(* In the Setting below, for all $u,v,w,t\in V$: $$w\langle u,v\rangle+u\langle v,w\rangle+v\langle w,u\rangle=0,$$ $$\langle w,t\rangle\langle u,v\rangle+\langle u,t\rangle\langle v,w\rangle+\langle v,t\rangle\langle w,u\rangle=0,$$ where in the first identity elements of $U$ act on $V$ on the right, and in the second the products are taken in $U$.
   Context: Setting. Let $\mathbb F$ be a field of characteristic different from $2$ and $3$. A Malcev algebra is an anticommutative algebra $\mathcal M$ over $\mathbb F$ satisfying $(xz)(yt)=((xy)z)t+((yz)t)x+((zt)x)y+((tx)y)z$. Products are left-normed: $xyz=(xy)z$, $xyzt=((xy)z)t$. Put $J(x,y,z)=xyz+yzx+zxy$ (the Jacobian), $\{x,y,z\}=xyz-xzy+2x(yz)$, and $h(y,z,t,x,u)=\{yz,t,u\}x+\{yz,t,x\}u+\{yx,z,u\}t+\{yu,z,x\}t$. The variety $\mathcal H$ consists of the Malcev algebras satisfying $h(y,z,t,x,u)=0$ identically. The centroid $\Gamma(\mathcal M)$ is the set of linear maps $\alpha$ of $\mathcal M$ (written on the right) with $(xy)\alpha=x(y\alpha)=(x\alpha)y$ for all $x,y$. Put $p(x,y,z,t)=-\{zt,x,y\}-\{yt,z,x\}+\{xt,y,z\}$ and define the operator $\alpha(y,z,t)$ by $x\,\alpha(y,z,t)=p(x,y,z,t)$; for $\mathcal M\in\mathcal H$ these operators lie in $\Gamma(\mathcal M)$. Let $L=\mathfrak{sl}_2(\mathbb F)$ with basis $E,H,F$ and products $EH=E$, $FH=-F$, $EF=\tfrac12 H$. Standing assumption: $\mathcal M\in\mathcal H$ contains $L$ as a subalgebra and $mL\neq 0$ for every $0\neq m\in\mathcal M$. Define $N_{\mathcal M}=\{m\in\mathcal M: J(m,a,b)=0\ \forall a,b\in L\}$ and $J_{\mathcal M}=\{m\in\mathcal M:\{m,a,b\}=0\ \forall a,b\in L\}$. Known facts: $\mathcal M=N_{\mathcal M}\oplus J_{\mathcal M}$; $J_{\mathcal M}$ is a direct sum of $2$-dimensional $L$-submodules with bases $\{u,v\}$, $uH=u$, $vH=-v$, $uE=v$, $uF=0$, $vE=0$, $vF=-u$; letting $U$ be the linear span of the operators $\alpha(m,a,b)$ ($m\in\mathcal M$, $a,b\in L$), $U$ is a commutative associative subalgebra of $\Gamma(\mathcal M)$ and $N_{\mathcal M}=\sum_{\alpha\in U}L\alpha\cong L\otimes U$. Let $V=\{w\in J_{\mathcal M}: wH=w\}$, and for $w\in V$ put $w(1)=w$, $w(2)=wE$. There is a skew-symmetric bilinear map $\langle\cdot,\cdot\rangle:V\times V\to U$ with $u(1)v(1)=F\langle u,v\rangle$, $u(1)v(2)=u(2)v(1)=\tfrac12 H\langle u,v\rangle$, $u(2)v(2)=E\langle u,v\rangle$ for all $u,v\in V$. *)

From HB Require Import structures.
From mathcomp Require Import all_boot all_order all_algebra.
Set Implicit Arguments. Unset Strict Implicit. Unset Printing Implicit Defensive.
Import GRing.Theory.
Local Open Scope ring_scope.

(* An algebra over F is an F-vector space M with a product mul : M -> M -> M
   (written xy in the paper; products are left-normed). *)
Section Malcev.
Variables (F : fieldType) (M : lmodType F) (mul : M -> M -> M).

Definition mul_bilinear : Prop :=
  (forall (a : F) (x y z : M), mul (a *: x + y) z = a *: mul x z + mul y z) /\
  (forall (a : F) (x y z : M), mul z (a *: x + y) = a *: mul z x + mul z y).

Definition anticommutative : Prop := forall x : M, mul x x = 0.

Definition malcev_identity : Prop :=
  forall x y z t : M,
    mul (mul x z) (mul y t) =
      mul (mul (mul x y) z) t + mul (mul (mul y z) t) x +
      mul (mul (mul z t) x) y + mul (mul (mul t x) y) z.

Definition trip (x y z : M) : M :=
  mul (mul x y) z - mul (mul x z) y + 2%:R *: mul x (mul y z).

Definition hfun (y z t x u : M) : M :=
  mul (trip (mul y z) t u) x + mul (trip (mul y z) t x) u +
  mul (trip (mul y x) z u) t + mul (trip (mul y u) z x) t.

Definition malcevH : Prop :=
  [/\ mul_bilinear, anticommutative, malcev_identity &
      forall y z t x u : M, hfun y z t x u = 0].

Definition pfun (x y z t : M) : M :=
  - trip (mul z t) x y - trip (mul y t) z x + trip (mul x t) y z.

Definition alpha (y z t : M) : M -> M := fun x => pfun x y z t.

Variables (E H Fe : M).  (* Fe is the basis element F of sl_2 *)

Definition inL (a : M) : Prop :=
  exists c1 c2 c3 : F, a = c1 *: E + c2 *: H + c3 *: Fe.

Definition sl2_subalgebra : Prop :=
  [/\ (forall c1 c2 c3 : F, c1 *: E + c2 *: H + c3 *: Fe = 0 ->
          [/\ c1 = 0, c2 = 0 & c3 = 0]),
      mul E H = E, mul Fe H = - Fe & mul E Fe = (2%:R)^-1 *: H].

Definition L_faithful : Prop :=
  forall m : M, m <> 0 -> exists a, inL a /\ mul m a <> 0.

Definition inJ (m : M) : Prop :=
  forall a b, inL a -> inL b -> trip m a b = 0.

Definition inV (w : M) : Prop := inJ w /\ mul w H = w.

Definition inU (f : M -> M) : Prop :=
  exists s : seq (F * M * M * M),
    (forall q, q \in s -> inL q.1.2 /\ inL q.2) /\
    (forall x, f x = \sum_(q <- s) q.1.1.1 *: alpha q.1.1.2 q.1.2 q.2 x).

Definition setting : Prop :=
  [/\ (2%:R : F) != 0, (3%:R : F) != 0, malcevH, sl2_subalgebra & L_faithful].

(* br u v = <u,v> in U, an operator on M acting on the right: x<u,v> = br u v x.
   Skew-symmetric bilinear map V x V -> U with the stated product relations,
   where w(1) = w and w(2) = wE. *)
Definition bracket_ok (br : M -> M -> M -> M) : Prop :=
  [/\ (forall u v, inV u -> inV v -> inU (br u v)),
      (forall (a : F) u u' v, inV u -> inV u' -> inV v ->
         forall x, br (a *: u + u') v x = a *: br u v x + br u' v x),
      (forall (a : F) u v v', inV u -> inV v -> inV v' ->
         forall x, br u (a *: v + v') x = a *: br u v x + br u v' x),
      (forall u v, inV u -> inV v -> forall x, br u v x = - br v u x) &
      (forall u v, inV u -> inV v ->
         [/\ mul u v = br u v Fe,
             mul u (mul v E) = (2%:R)^-1 *: br u v H,
             mul (mul u E) v = (2%:R)^-1 *: br u v H &
             mul (mul u E) (mul v E) = br u v E])].

End Malcev.

From HB Require Import structures.
From mathcomp Require Import all_boot all_order all_algebra.
Import GRing.Theory.
Local Open Scope ring_scope.
Set Implicit Arguments. Unset Strict Implicit. Unset Printing Implicit Defensive.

#### [TASK DESCRIPTION]
No line may be left out; the records are to be transcribed in full.

#### [SOLUTION TO THIS EXERCISE]
(* In the Setting below, for all $u,v,w,t\in V$: $$w\langle u,v\rangle+u\langle v,w\rangle+v\langle w,u\rangle=0,$$ $$\langle w,t\rangle\langle u,v\rangle+\langle u,t\rangle\langle v,w\rangle+\langle v,t\rangle\langle w,u\rangle=0,$$ where in the first identity elements of $U$ act on $V$ on the right, and in the second the products are taken in $U$.
   Context: Setting. Let $\mathbb F$ be a field of characteristic different from $2$ and $3$. A Malcev algebra is an anticommutative algebra $\mathcal M$ over $\mathbb F$ satisfying $(xz)(yt)=((xy)z)t+((yz)t)x+((zt)x)y+((tx)y)z$. Products are left-normed: $xyz=(xy)z$, $xyzt=((xy)z)t$. Put $J(x,y,z)=xyz+yzx+zxy$ (the Jacobian), $\{x,y,z\}=xyz-xzy+2x(yz)$, and $h(y,z,t,x,u)=\{yz,t,u\}x+\{yz,t,x\}u+\{yx,z,u\}t+\{yu,z,x\}t$. The variety $\mathcal H$ consists of the Malcev algebras satisfying $h(y,z,t,x,u)=0$ identically. The centroid $\Gamma(\mathcal M)$ is the set of linear maps $\alpha$ of $\mathcal M$ (written on the right) with $(xy)\alpha=x(y\alpha)=(x\alpha)y$ for all $x,y$. Put $p(x,y,z,t)=-\{zt,x,y\}-\{yt,z,x\}+\{xt,y,z\}$ and define the operator $\alpha(y,z,t)$ by $x\,\alpha(y,z,t)=p(x,y,z,t)$; for $\mathcal M\in\mathcal H$ these operators lie in $\Gamma(\mathcal M)$. Let $L=\mathfrak{sl}_2(\mathbb F)$ with basis $E,H,F$ and products $EH=E$, $FH=-F$, $EF=\tfrac12 H$. Standing assumption: $\mathcal M\in\mathcal H$ contains $L$ as a subalgebra and $mL\neq 0$ for every $0\neq m\in\mathcal M$. Define $N_{\mathcal M}=\{m\in\mathcal M: J(m,a,b)=0\ \forall a,b\in L\}$ and $J_{\mathcal M}=\{m\in\mathcal M:\{m,a,b\}=0\ \forall a,b\in L\}$. Known facts: $\mathcal M=N_{\mathcal M}\oplus J_{\mathcal M}$; $J_{\mathcal M}$ is a direct sum of $2$-dimensional $L$-submodules with bases $\{u,v\}$, $uH=u$, $vH=-v$, $uE=v$, $uF=0$, $vE=0$, $vF=-u$; letting $U$ be the linear span of the operators $\alpha(m,a,b)$ ($m\in\mathcal M$, $a,b\in L$), $U$ is a commutative associative subalgebra of $\Gamma(\mathcal M)$ and $N_{\mathcal M}=\sum_{\alpha\in U}L\alpha\cong L\otimes U$. Let $V=\{w\in J_{\mathcal M}: wH=w\}$, and for $w\in V$ put $w(1)=w$, $w(2)=wE$. There is a skew-symmetric bilinear map $\langle\cdot,\cdot\rangle:V\times V\to U$ with $u(1)v(1)=F\langle u,v\rangle$, $u(1)v(2)=u(2)v(1)=\tfrac12 H\langle u,v\rangle$, $u(2)v(2)=E\langle u,v\rangle$ for all $u,v\in V$. *)

From HB Require Import structures.
From mathcomp Require Import all_boot all_order all_algebra.
Set Implicit Arguments. Unset Strict Implicit. Unset Printing Implicit Defensive.
Import GRing.Theory.
Local Open Scope ring_scope.

(* An algebra over F is an F-vector space M with a product mul : M -> M -> M
   (written xy in the paper; products are left-normed). *)
Section Malcev.
Variables (F : fieldType) (M : lmodType F) (mul : M -> M -> M).

Definition mul_bilinear : Prop :=
  (forall (a : F) (x y z : M), mul (a *: x + y) z = a *: mul x z + mul y z) /\
  (forall (a : F) (x y z : M), mul z (a *: x + y) = a *: mul z x + mul z y).

Definition anticommutative : Prop := forall x : M, mul x x = 0.

Definition malcev_identity : Prop :=
  forall x y z t : M,
    mul (mul x z) (mul y t) =
      mul (mul (mul x y) z) t + mul (mul (mul y z) t) x +
      mul (mul (mul z t) x) y + mul (mul (mul t x) y) z.

Definition trip (x y z : M) : M :=
  mul (mul x y) z - mul (mul x z) y + 2%:R *: mul x (mul y z).

Definition hfun (y z t x u : M) : M :=
  mul (trip (mul y z) t u) x + mul (trip (mul y z) t x) u +
  mul (trip (mul y x) z u) t + mul (trip (mul y u) z x) t.

Definition malcevH : Prop :=
  [/\ mul_bilinear, anticommutative, malcev_identity &
      forall y z t x u : M, hfun y z t x u = 0].

Definition pfun (x y z t : M) : M :=
  - trip (mul z t) x y - trip (mul y t) z x + trip (mul x t) y z.

Definition alpha (y z t : M) : M -> M := fun x => pfun x y z t.

Variables (E H Fe : M).  (* Fe is the basis element F of sl_2 *)

Definition inL (a : M) : Prop :=
  exists c1 c2 c3 : F, a = c1 *: E + c2 *: H + c3 *: Fe.

Definition sl2_subalgebra : Prop :=
  [/\ (forall c1 c2 c3 : F, c1 *: E + c2 *: H + c3 *: Fe = 0 ->
          [/\ c1 = 0, c2 = 0 & c3 = 0]),
      mul E H = E, mul Fe H = - Fe & mul E Fe = (2%:R)^-1 *: H].

Definition L_faithful : Prop :=
  forall m : M, m <> 0 -> exists a, inL a /\ mul m a <> 0.

Definition inJ (m : M) : Prop :=
  forall a b, inL a -> inL b -> trip m a b = 0.

Definition inV (w : M) : Prop := inJ w /\ mul w H = w.

Definition inU (f : M -> M) : Prop :=
  exists s : seq (F * M * M * M),
    (forall q, q \in s -> inL q.1.2 /\ inL q.2) /\
    (forall x, f x = \sum_(q <- s) q.1.1.1 *: alpha q.1.1.2 q.1.2 q.2 x).

Definition setting : Prop :=
  [/\ (2%:R : F) != 0, (3%:R : F) != 0, malcevH, sl2_subalgebra & L_faithful].

(* br u v = <u,v> in U, an operator on M acting on the right: x<u,v> = br u v x.
   Skew-symmetric bilinear map V x V -> U with the stated product relations,
   where w(1) = w and w(2) = wE. *)
Definition bracket_ok (br : M -> M -> M -> M) : Prop :=
  [/\ (forall u v, inV u -> inV v -> inU (br u v)),
      (forall (a : F) u u' v, inV u -> inV u' -> inV v ->
         forall x, br (a *: u + u') v x = a *: br u v x + br u' v x),
      (forall (a : F) u v v', inV u -> inV v -> inV v' ->
         forall x, br u (a *: v + v') x = a *: br u v x + br u v' x),
      (forall u v, inV u -> inV v -> forall x, br u v x = - br v u x) &
      (forall u v, inV u -> inV v ->
         [/\ mul u v = br u v Fe,
             mul u (mul v E) = (2%:R)^-1 *: br u v H,
             mul (mul u E) v = (2%:R)^-1 *: br u v H &
             mul (mul u E) (mul v E) = br u v E])].

End Malcev.

From HB Require Import structures.
From mathcomp Require Import all_boot all_order all_algebra.
Import GRing.Theory.
Local Open Scope ring_scope.
Set Implicit Arguments. Unset Strict Implicit. Unset Printing Implicit Defensive.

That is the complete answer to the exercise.